Indicator 1- Outcome: Students work effectively in groups.

Number and percent of librarians who observe students working in groups in the InfoPod area. Clicking on the statement presents the following text: No: An indicator should describe a change in participants. While students may appear to be working productively, a librarian really can’t observe just what they are doing and how effective it is. Starting your indicator with the participant will help you avoid this error.

Number and percent of students in Infopod groups who score 3 or higher (scale 1-5) on the group participation assessment rubric. Clicking on the statement presents the following text: Yes, An existing measure such as a teacher’s grade of group effectiveness can target an outcome precisely

Indicator 2 – Outcome: Students create information-rich products

Number and percent of Infopod students whose group projects include high-quality information resources as demonstrated by bibliographies from Infopod-using student projects achieving 3 or higher on information-quality rubric. Clicking on the statement presents the following text: Yes, this indicator gauges mastery by using the instructor’s assessment. Notice that for this informal check of effectiveness, a comparison to non-Infopod users is not necessary. What constitutes success is that Infopods help students master a skill. What do you think a reasonable target would be for this indicator?

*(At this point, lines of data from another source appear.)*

(* Let $\Omega=\{1,\dots,n\}$ and let $p,q\in\Delta_n=\{r\in\mathbb{R}^n: r\ge 0,\ \sum_i r_i=1\}$. Fix weights $\sigma_1,\dots,\sigma_n\ge 0$ and set $\Sigma=\mathrm{Diag}\{\sigma_1,\dots,\sigma_n\}$. Let $E,E'$ be two disjoint sets of $L$ observations each, drawn i.i.d. from $p$, and $F,F'$ two disjoint sets of $R$ observations each, drawn i.i.d. from $q$, all four sets being mutually independent. Put $\gamma=R/(L+R)$, $\bar\gamma=1-\gamma=L/(L+R)$, $M=2LR/(L+R)$. Let $\omega,\omega',\zeta,\zeta'\in\Delta_n$ be the empirical distributions of $E,E',F,F'$ respectively, let $$\chi=(\omega-\zeta)^T\Sigma(\omega'-\zeta')=\sum_{i=1}^n\sigma_i(\omega_i-\zeta_i)(\omega'_i-\zeta'_i),$$ and let the test $\mathcal T$ claim a difference ($H_1$) if and only if $|\chi|>\ell$. Suppose the threshold satisfies $$\ell\ge 2\sqrt2\,\theta M^{-1}\sqrt{\textstyle\sum_i\sigma_i^2p_i^2}$$ for some $\theta\ge1$. Then: (1) if $p=q$, the probability that $\mathcal T$ claims $H_1$ is at most $1/\theta^2$; (2) if $$\sum_i\sigma_i(p_i-q_i)^2>\ell+2\sqrt2\,\theta\Big[M^{-1/2}\sqrt{\textstyle\sum_i\sigma_i^2(p_i-q_i)^2(\gamma p_i+\bar\gamma q_i)}+M^{-1}\sqrt{\gamma\textstyle\sum_i\sigma_i^2p_i^2+\bar\gamma\sum_i\sigma_i^2q_i^2}\Big],$$ then the probability that $\mathcal T$ claims $H_1$ is at least $1-3/\theta^2$.
   Context: The empirical distribution of a finite set of observations with values in $\{1,\dots,n\}$ is the vector in $\Delta_n$ whose $i$-th entry is the fraction of observations equal to $i$. *)

From HB Require Import structures.
From mathcomp Require Import all_boot all_order all_algebra.
Set Implicit Arguments. Unset Strict Implicit. Unset Printing Implicit Defensive.
Import Order.TTheory GRing.Theory Num.Theory.
Local Open Scope ring_scope.

(* Omega = {1..n} is modelled by 'I_n; a distribution is a function 'I_n -> K. *)
Definition in_simplex (K : realFieldType) (n : nat) (p : 'I_n -> K) : Prop :=
  (forall i, 0 <= p i) /\ \sum_(i < n) p i = 1.

(* A set of L observations is a sample e : 'I_L -> 'I_n (observation k has value e k). *)
Definition empirical (K : realFieldType) (n L : nat) (e : {ffun 'I_L -> 'I_n})
  : 'I_n -> K := fun i => #|[set k | e k == i]|%:R / L%:R.

Definition sample_prob (K : realFieldType) (n L : nat) (p : 'I_n -> K)
  (e : {ffun 'I_L -> 'I_n}) : K := \prod_(k < L) p (e k).

Definition chi_stat (K : realFieldType) (n : nat) (sigma w w' z z' : 'I_n -> K) : K :=
  \sum_(i < n) sigma i * (w i - z i) * (w' i - z' i).

Definition prob_claim_H1 (K : realFieldType) (n L R : nat) (p q sigma : 'I_n -> K)
  (ell : K) : K :=
  \sum_(E : {ffun 'I_L -> 'I_n}) \sum_(E' : {ffun 'I_L -> 'I_n})
  \sum_(F : {ffun 'I_R -> 'I_n}) \sum_(F' : {ffun 'I_R -> 'I_n})
    (sample_prob p E * sample_prob p E' * sample_prob q F * sample_prob q F') *
    (if ell < `| chi_stat sigma (empirical K E) (empirical K E')
                              (empirical K F) (empirical K F') |
     then 1 else 0).

From HB Require Import structures.
From mathcomp Require Import all_boot all_order all_algebra.
From mathcomp Require Import lra ring.
Import Order.TTheory GRing.Theory Num.Theory.
Local Open Scope ring_scope.

(* chi is a bilinear form in two independent copies of the vector omega - zeta,
   whose first two moments follow from the multinomial moments
   E omega_i = p_i and E omega_i omega_j = p_i p_j + (delta_ij p_i - p_i p_j) / L.
   Under p = q the mean of chi vanishes and Chebyshev's inequality for |chi| > ell
   gives (1), once E chi^2 is bounded by 2 (1/L + 1/R)^2 sum_i sigma_i^2 p_i^2.
   Otherwise E chi = sum_i sigma_i (p_i - q_i)^2, and Chebyshev's inequality for
   chi - E chi gives (2), the variance being at most 16 times the square of the
   bracket in the threshold. *)

Set Implicit Arguments. Unset Strict Implicit. Unset Printing Implicit Defensive.

Section Expectation.
Variable K : realFieldType.

Definition expect (T : finType) (w f : T -> K) : K := \sum_x w x * f x.

Definition wprod (T1 T2 : finType) (w1 : T1 -> K) (w2 : T2 -> K) (z : T1 * T2) : K :=
  w1 z.1 * w2 z.2.

Section Moments.
Variables (T : finType) (w : T -> K).

Lemma eq_expect f g : f =1 g -> expect w f = expect w g.
Proof. by move=> fg; apply: eq_bigr => x _; rewrite fg. Qed.

Lemma expectD f g : expect w (fun x => f x + g x) = expect w f + expect w g.
Proof. by rewrite /expect -big_split; apply: eq_bigr => x _; rewrite mulrDr. Qed.

Lemma expectB f g : expect w (fun x => f x - g x) = expect w f - expect w g.
Proof. by rewrite /expect -sumrB; apply: eq_bigr => x _; rewrite mulrBr. Qed.

Lemma expectZ c f : expect w (fun x => c * f x) = c * expect w f.
Proof. by rewrite /expect mulr_sumr; apply: eq_bigr => x _; rewrite mulrCA. Qed.

Lemma expect_sum (I : finType) (f : I -> T -> K) :
  expect w (fun x => \sum_i f i x) = \sum_i expect w (f i).
Proof.
by rewrite /expect exchange_big; apply: eq_bigr => x _; rewrite mulr_sumr.
Qed.

Lemma expect_center_sqr f m : expect w (fun _ => 1) = 1 -> expect w f = m ->
  expect w (fun x => (f x - m) ^+ 2) = expect w (fun x => f x ^+ 2) - m ^+ 2.
Proof.
move=> w1 wf; rewrite (eq_expect (g := fun x => f x ^+ 2 + (-2 * m * f x + m ^+ 2 * 1))).
  by rewrite !expectD !expectZ w1 wf; ring.
by move=> x; ring.
Qed.

Hypothesis w_ge0 : forall x, 0 <= w x.

Lemma ler_expect f g : (forall x, f x <= g x) -> expect w f <= expect w g.
Proof. by move=> fg; apply: ler_sum => x _; apply: ler_wpM2l. Qed.

Lemma chebyshev_le f (ell c : K) : 0 <= ell -> 0 <= c ->
  expect w (fun x => f x ^+ 2) <= c * ell ^+ 2 ->
  expect w (fun x => if ell < `|f x| then 1 else 0) <= c.
Proof.
move=> ell0 c0 hf; have [ellp|ellN] := ltrP 0 ell.
  have ell2 : 0 < ell ^+ 2 by exact: exprn_gt0.
  rewrite -(ler_pM2r ell2) mulrC -expectZ (le_trans _ hf) //.
  apply: ler_expect => x; case: ltrP => [lt|_]; last by rewrite mulr0 sqr_ge0.
  by rewrite mulr1 -(real_normK (num_real (f x))) ler_sqr ?nnegrE // ltW.
(* For [ell = 0], [E f^2 <= 0] forces [f = 0] wherever [w > 0]. *)
move: hf; have {ell0 ellN} -> : ell = 0 by apply/eqP; rewrite eq_le ellN.
rewrite expr0n mulr0 => hf.
have sqr_terms_ge0 x : 0 <= w x * f x ^+ 2 by rewrite mulr_ge0 ?sqr_ge0.
have terms0 : forall x, true -> w x * f x ^+ 2 = 0.
  by apply: psumr_eq0P => [x _|]; [exact: sqr_terms_ge0 | apply/eqP; rewrite eq_le hf sumr_ge0].
suff -> : expect w (fun x => if 0 < `|f x| then 1 else 0) = 0 by [].
apply: big1 => x _; case: ifP => //; rewrite ?mulr0 // normr_gt0 mulr1 => fx0.
by move/eqP: (terms0 x isT); rewrite mulf_eq0 sqrf_eq0 (negbTE fx0) orbF => /eqP.
Qed.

Number of footnotes & percent of pages with footnotes in papers of Infopod users compared to the same in papers of non-Infopod users. Clicking on the statement presents the following text: Not really. It’s true this indicator includes a comparison of Infopod users and non-users which is nice but not mandatory. But the indicator is a count, not an assessment of whether the students have mastered a skill.

This page only contains the longdescriptions from the "indicators" examples on the "Check your understanding: Whitney Library" example page.